Creo no haberlo compartido con nadie en aquel momento. No eran tiempos propicios para denunciar estos temas. Total, qué habría denunciado. A quién lo habría hecho. Qué se habría entendido. Fue hace mucho tiempo, ya digo, ni imaginábamos el "Me Too". Mi actitud hacia él cambió. No le reía sus bromas, ni las dirigidas a mí ni otras. La realidad es que dejé de caer en gracia y no pensé que tuviera que ver con aquellas frases suyas ni que fuera consecuencia de aquellas reacciones mías.

Era un ligón de libro. Se conocían sus líos varios con diferentes compañeras. Ninguna de ellas cayó nunca en desgracia. Y no digo yo que la mía estuviera directamente relacionada con aquellos hechos que como mínimo me incomodaban. Tampoco lo sospeché el día que fui relevada. La verdad es que siempre fui bastante ingenua y en aquella época más pensaba en mis culpas que en las ajenas. Fue mucho después cuando caí en la cuenta de que tal vez, solo tal vez, hubiera una correlación de hechos. Me moriré con la duda.

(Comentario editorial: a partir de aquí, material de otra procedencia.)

(* Let $X$ be a finite nonempty set, $Y$ a nonempty compact metric space, and $u: X\times Y\to\mathbb{R}$ such that $y\mapsto u(x,y)$ is continuous for each $x\in X$. Then for every $\alpha>0$ there exists a bounded measurable function $\hat u: X\times Y\to\mathbb{R}$ such that the game $\hat{\mathcal{G}} = \langle X, Y, \hat u\rangle$ is essentially finite and is an $\alpha$-approximation of $\mathcal{G}=\langle X,Y,u\rangle$, i.e. $|u(x,y)-\hat u(x,y)|\le \alpha$ for all $(x,y)\in X\times Y$.
   Context: A game $\langle X, Y, v\rangle$ is essentially finite if there exist a finite game $\langle \hat X, \hat Y, w\rangle$ (with $\hat X,\hat Y$ finite sets) and measurable maps $f_1: X\to\hat X$, $f_2: Y\to\hat Y$ such that $v(x,y) = w(f_1(x), f_2(y))$ for all $(x,y)\in X\times Y$. A game $\langle X,Y,v'\rangle$ with bounded measurable utility is an $\alpha$-approximation of $\langle X,Y,v\rangle$ if $|v(x,y)-v'(x,y)|\le\alpha$ for all $(x,y)$. *)

From mathcomp Require Import all_boot all_order all_algebra all_classical all_reals all_analysis.
Import Order.TTheory GRing.Theory Num.Theory numFieldNormedType.Exports.
Local Open Scope classical_set_scope.
Local Open Scope ring_scope.

Set Implicit Arguments.
Unset Strict Implicit.
Unset Printing Implicit Defensive.

Definition borel_set (Y : topologicalType) (A : set Y) : Prop := <<s open >> A.

(* Measurable sets of X * Y, X finite with the discrete sigma-algebra (all sets
   measurable) and Y with its Borel sigma-algebra: the product sigma-algebra,
   generated by the rectangles A `*` B with B Borel. *)
Definition prod_meas_set (X : finType) (Y : topologicalType) (S : set (X * Y)) : Prop :=
  <<s [set A `*` B | A in [set: set X] & B in (@borel_set Y)] >> S.

Definition borel_measurable_fin (Y : topologicalType) (Z : finType) (f : Y -> Z) : Prop :=
  forall B : set Z, borel_set (f @^-1` B).

Definition prod_measurable_real (R : realType) (X : finType) (Y : topologicalType)
  (v : X * Y -> R) : Prop :=
  forall B : set R, borel_set B -> prod_meas_set (v @^-1` B).

Definition bounded_real_fun (R : realType) (T : Type) (v : T -> R) : Prop :=
  exists M : R, forall t, `|v t| <= M.

(* A game <X, Y, v> is essentially finite (X finite: every map out of X is measurable). *)
Definition essentially_finite (R : realType) (X : finType) (Y : topologicalType)
  (v : X * Y -> R) : Prop :=
  exists (Xh Yh : finType) (w : Xh -> Yh -> R) (f1 : X -> Xh) (f2 : Y -> Yh),
    borel_measurable_fin f2 /\ forall x y, v (x, y) = w (f1 x) (f2 y).

Definition alpha_approximation (R : realType) (T : Type) (alpha : R) (v v' : T -> R) : Prop :=
  forall p, `|v p - v' p| <= alpha.

From mathcomp Require Import all_boot all_order all_algebra all_classical all_reals all_analysis.
From mathcomp Require Import zify lra.
Import Order.TTheory GRing.Theory Num.Theory numFieldNormedType.Exports.
Local Open Scope classical_set_scope.
Local Open Scope ring_scope.

Set Implicit Arguments.
Unset Strict Implicit.
Unset Printing Implicit Defensive.

(* Replace u by its quantization alpha * floor (u / alpha), which is within alpha of u.
   Each u (x, _) is continuous on the compact Y and X is finite, so u is bounded and the
   integer floor (u (x, y) / alpha) ranges over a finite interval.  Hence the quantized
   game depends on y only through the finite-valued map y |-> (x |-> floor (u (x, y) / alpha)),
   whose fibres are finite intersections of preimages of half-open intervals under
   continuous maps, hence Borel. *)

(* X * Y need not be a pointedType, so the measurableType g_sigma_algebraType G and its
   closure lemmas are not available; we work with <<s G >> on a bare type. *)
Section generated_sigma_algebra_closure.
Variables (T : Type) (G : set (set T)).

Lemma sigma_algebra_setC (A : set T) : <<s G >> A -> <<s G >> (~` A).
Proof. by move=> GA; rewrite -setTD; exact: sigma_algebraCD. Qed.

Lemma sigma_algebra_setU : setU_closed <<s G >>.
Proof.
move=> A B GA GB; rewrite -bigcup2E.
by apply: sigma_algebra_bigcup => -[|[|i]] //=; exact: sigma_algebra0.
Qed.

Lemma sigma_algebra_setI : setI_closed <<s G >>.
Proof.
move=> A B GA GB; rewrite -[A `&` B]setCK setCI.
by apply: sigma_algebra_setC; apply: sigma_algebra_setU; exact: sigma_algebra_setC.
Qed.

Lemma sigma_algebra_fin_bigcup : fin_bigcup_closed <<s G >>.
Proof.
by apply/fin_bigcup_closedP; split; [exact: sigma_algebra0 | exact: sigma_algebra_setU].
Qed.

Lemma sigma_algebra_fin_bigcap (I : Type) (D : set I) (F : I -> set T) :
  finite_set D -> (forall i, D i -> <<s G >> (F i)) ->
  <<s G >> (\bigcap_(i in D) F i).
Proof.
move=> finD GF; rewrite -[X in <<s G >> X]setCK setC_bigcap.
apply: sigma_algebra_setC; apply: sigma_algebra_fin_bigcup => // i /GF.
exact: sigma_algebra_setC.
Qed.

Lemma sigma_algebra_preimage_fin (Z : finType) (f : T -> Z) :
  (forall z, <<s G >> (f @^-1` [set z])) -> forall B, <<s G >> (f @^-1` B).
Proof.
move=> Gf B.
have -> : f @^-1` B = \bigcup_(z in B) f @^-1` [set z].
  by apply/seteqP; split=> [t Bft|t [z Bz /= ->]] //; exists (f t).
by apply: sigma_algebra_fin_bigcup => // z _; exact: finite_finset.
Qed.

End generated_sigma_algebra_closure.

Lemma borel_open (Y : topologicalType) (A : set Y) : open A -> borel_set A.
Proof. exact: sub_sigma_algebra. Qed.

Lemma borel_closed (Y : topologicalType) (A : set Y) : closed A -> borel_set A.
Proof.
by rewrite -openC => /borel_open/sigma_algebra_setC; rewrite setCK.
Qed.

Lemma borel_floor_div_eq (R : realType) (Y : topologicalType) (h : Y -> R)
    (alpha : R) (c : int) :
  0 < alpha -> continuous h -> borel_set [set y | Num.floor (h y / alpha) = c].
Proof.
move=> alpha_gt0 hc.
have -> : [set y | Num.floor (h y / alpha) = c] =
    h @^-1` [set r | c%:~R * alpha <= r] `&` h @^-1` [set r | r < (c + 1)%:~R * alpha].
  apply/seteqP; split=> y /=.
    by move/eqP; rewrite floor_eq ler_pdivlMr // ltr_pdivrMr // => /andP.
  by move=> [? ?]; apply/eqP; rewrite floor_eq ler_pdivlMr // ltr_pdivrMr // ; apply/andP.
apply: sigma_algebra_setI.
  by apply: borel_closed; apply: closed_comp => [y _|]; [exact: hc | exact: closed_ge].
by apply: borel_open; apply: open_comp => [y _|]; [exact: hc | exact: open_lt].
Qed.

Definition quantize {R : archiFieldType} (alpha r : R) : R :=
  alpha * (Num.floor (r / alpha))%:~R.

Lemma quantize_dist (R : archiFieldType) (alpha r : R) :
  0 < alpha -> `|r - quantize alpha r| < alpha.
Proof.
move=> alpha_gt0; have /andP[] := floor_itv (r / alpha).
rewrite ler_pdivlMr // ltr_pdivrMr // intrD /quantize => lo hi.
rewrite mulrDl mul1r in hi; rewrite mulrC ger0_norm; lra.
Qed.

Lemma quantize_bounded (R : archiFieldType) (alpha M r : R) :
  0 < alpha -> `|r| <= M -> `|quantize alpha r| <= M + alpha.
Proof.
move=> alpha_gt0 rM; rewrite -(subKr r (quantize alpha r)).
exact: le_trans (ler_normB _ _) (lerD rM (ltW (quantize_dist r alpha_gt0))).
Qed.

Lemma floor_div_itv (R : archiFieldType) (alpha M r : R) :
  0 < alpha -> `|r| <= M ->
  Num.floor (- M / alpha) <= Num.floor (r / alpha) <= Num.floor (M / alpha).
Proof.
move=> alpha_gt0 rM; apply/andP; split; apply: le_floor; rewrite ler_pM2r ?invr_gt0 //.
  by rewrite lerNl; apply: le_trans rM; rewrite -normrN ler_norm.
exact: le_trans (ler_norm r) rM.
Qed.

Lemma int_itv_finite_encoding (lo hi : int) :
  exists n (enc : int -> 'I_n) (dec : 'I_n -> int),
    cancel dec enc /\ {in [pred k | lo <= k <= hi], cancel enc dec}.
Proof.
exists `|hi - lo|.+1, (fun k => inord `|k - lo|), (fun i => lo + i%:Z); split.
  by move=> i; rewrite addrAC subrr add0r absz_nat inord_val.
move=> k /andP[lo_k k_hi]; rewrite inordK; last by lia.
by rewrite gez0_abs ?subr_ge0 // addrCA subrr addr0.
Qed.

Lemma continuous_compact_fin_bounded (R : realType) (I : finType)
    (Y : topologicalType) (h : I -> Y -> R) :
  compact [set: Y] -> (forall i, continuous (h i)) ->
  exists M, forall i y, `|h i y| <= M.
Proof.
move=> cY hc; suff : \forall M \near +oo, forall i y, `|h i y| <= M by exact: filter_ex.
apply: filter_forall => i.
have [M0 [M0_real hM]] :=
  compact_bounded (continuous_compact (continuous_subspaceT (hc i)) cY).
by exists M0; split=> // M M0_M y; apply: hM => //; exists y.
Qed.

Lemma quantize_fin_factor (R : realType) (X : finType) (Y : topologicalType)
    (u : X -> Y -> R) (alpha M : R) :
  0 < alpha -> (forall x y, `|u x y| <= M) -> (forall x, continuous (u x)) ->
  exists (Yh : finType) (f : Y -> Yh) (w : X -> Yh -> R),
    borel_measurable_fin f /\ forall x y, w x (f y) = quantize alpha (u x y).
Proof.
move=> alpha_gt0 uM uc; pose q x y := Num.floor (u x y / alpha).
have [n [enc [dec [encK decK]]]] :=
  int_itv_finite_encoding (Num.floor (- M / alpha)) (Num.floor (M / alpha)).
have qK x y : dec (enc (q x y)) = q x y.
  by apply: decK; rewrite inE; exact: floor_div_itv.
exists {ffun X -> 'I_n}, (fun y => [ffun x => enc (q x y)]),
  (fun x (z : {ffun X -> 'I_n}) => alpha * (dec (z x))%:~R).
split=> [z|x y]; last by rewrite ffunE qK.
apply: sigma_algebra_preimage_fin => {}z.
have -> : (fun y => [ffun x => enc (q x y)]) @^-1` [set z] =
    \bigcap_(x in setT) [set y | q x y = dec (z x)].
  apply/seteqP; split=> y /=; first by move=> <- x _; rewrite ffunE qK.
  by move=> qz; apply/ffunP => x; rewrite ffunE (qz x I) encK.
apply: sigma_algebra_fin_bigcap => [|x _]; first exact: finite_finset.
exact: borel_floor_div_eq.
Qed.

Lemma prod_measurable_fin_factor (R : realType) (X Yh : finType) (Y : topologicalType)
    (f : Y -> Yh) (w : X -> Yh -> R) :
  borel_measurable_fin f -> prod_measurable_real (fun p : X * Y => w p.1 (f p.2)).
Proof.
move=> f_meas B _; pose g (p : X * Y) : X * Yh := (p.1, f p.2).
change (prod_meas_set (g @^-1` [set p | B (w p.1 p.2)])).
apply: sigma_algebra_preimage_fin => -[x z].
apply: sub_sigma_algebra; exists [set x] => //; exists (f @^-1` [set z]) => //.
by apply/seteqP; split=> -[x' y]; rewrite /g /=; case=> -> ->.
Qed.

Theorem proposition4 (R : realType) (X : finType) (Y : pseudoMetricType R)
  (hX : (0 < #|X|)%N) (y0 : Y) (hT2 : hausdorff_space Y) (hcpt : compact [set: Y])
  (u : X * Y -> R) (hu : forall x : X, continuous (fun y : Y => u (x, y)))
  (alpha : R) (halpha : 0 < alpha) :
  exists uh : X * Y -> R,
    prod_measurable_real uh /\ bounded_real_fun uh /\
    essentially_finite uh /\ alpha_approximation alpha u uh.
Proof.
have [M uM] := continuous_compact_fin_bounded (h := fun x y => u (x, y)) hcpt hu.
have [Yh [f [w [f_meas wE]]]] :=
  quantize_fin_factor (u := fun x y => u (x, y)) halpha uM hu.
exists (fun p => quantize alpha (u p)); split; [|split; [|split]].
- have -> : (fun p => quantize alpha (u p)) = fun p => w p.1 (f p.2).
    by apply/funext => -[x y]; rewrite wE.
  exact: prod_measurable_fin_factor f_meas.
- by exists (M + alpha) => -[x y]; exact: quantize_bounded.
- by exists X, Yh, w, id, f; split=> // x y; rewrite wE.
- by move=> p; exact/ltW/quantize_dist.
Qed.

Para que no existan, las dudas, digo, nada mejor que la autoridad no se muestre con ese tipo de gestos que conducen a error, incluso aunque no sean exactamente actos de acoso o resulte complicado probarlos. Pero cuando existen hoy sé lo que desconocía entonces: hay que denunciarlos, y sus autores deben pagar por ellos.

Por eso tenía clarísimo que el presidente de la Real Federación Española de Fútbol debía dimitir. Porque el acto de dar un beso en los labios a la centrocampista Jennifer Hermoso no dejaba dudas sobre su nula idoneidad. Y nadie lo niega. Más que el interfecto, que me juego lo que sea sin temor a perderlo que nunca haría lo mismo con un miembro de la selección masculina. Nunca la euforia asociada al triunfo le llevarían a besar en los labios a uno de sus integrantes, ni se le pasaría por la cabeza, no fuera a ser que le tildaran de aquello que tanto pavor produce a un macho en la plenitud de su género.

El pasado viernes cuando asistía al directo que este periódico hizo desde la comparecencia de Rubiales en la Asamblea de la Real Federación Española de Fútbol casi me convierto en sapo. Me puse verde escuchando sus improperios. Asistí atónita no solo al archirrepetido "no voy a dimitir", sino a sus justificaciones. Entre otras, esas que siempre nos hacen temer a las mujeres la denuncia de un ultraje, porque volvió la culpa contra la agredida, convertida según él casi en agresora, como poco, en cómplice.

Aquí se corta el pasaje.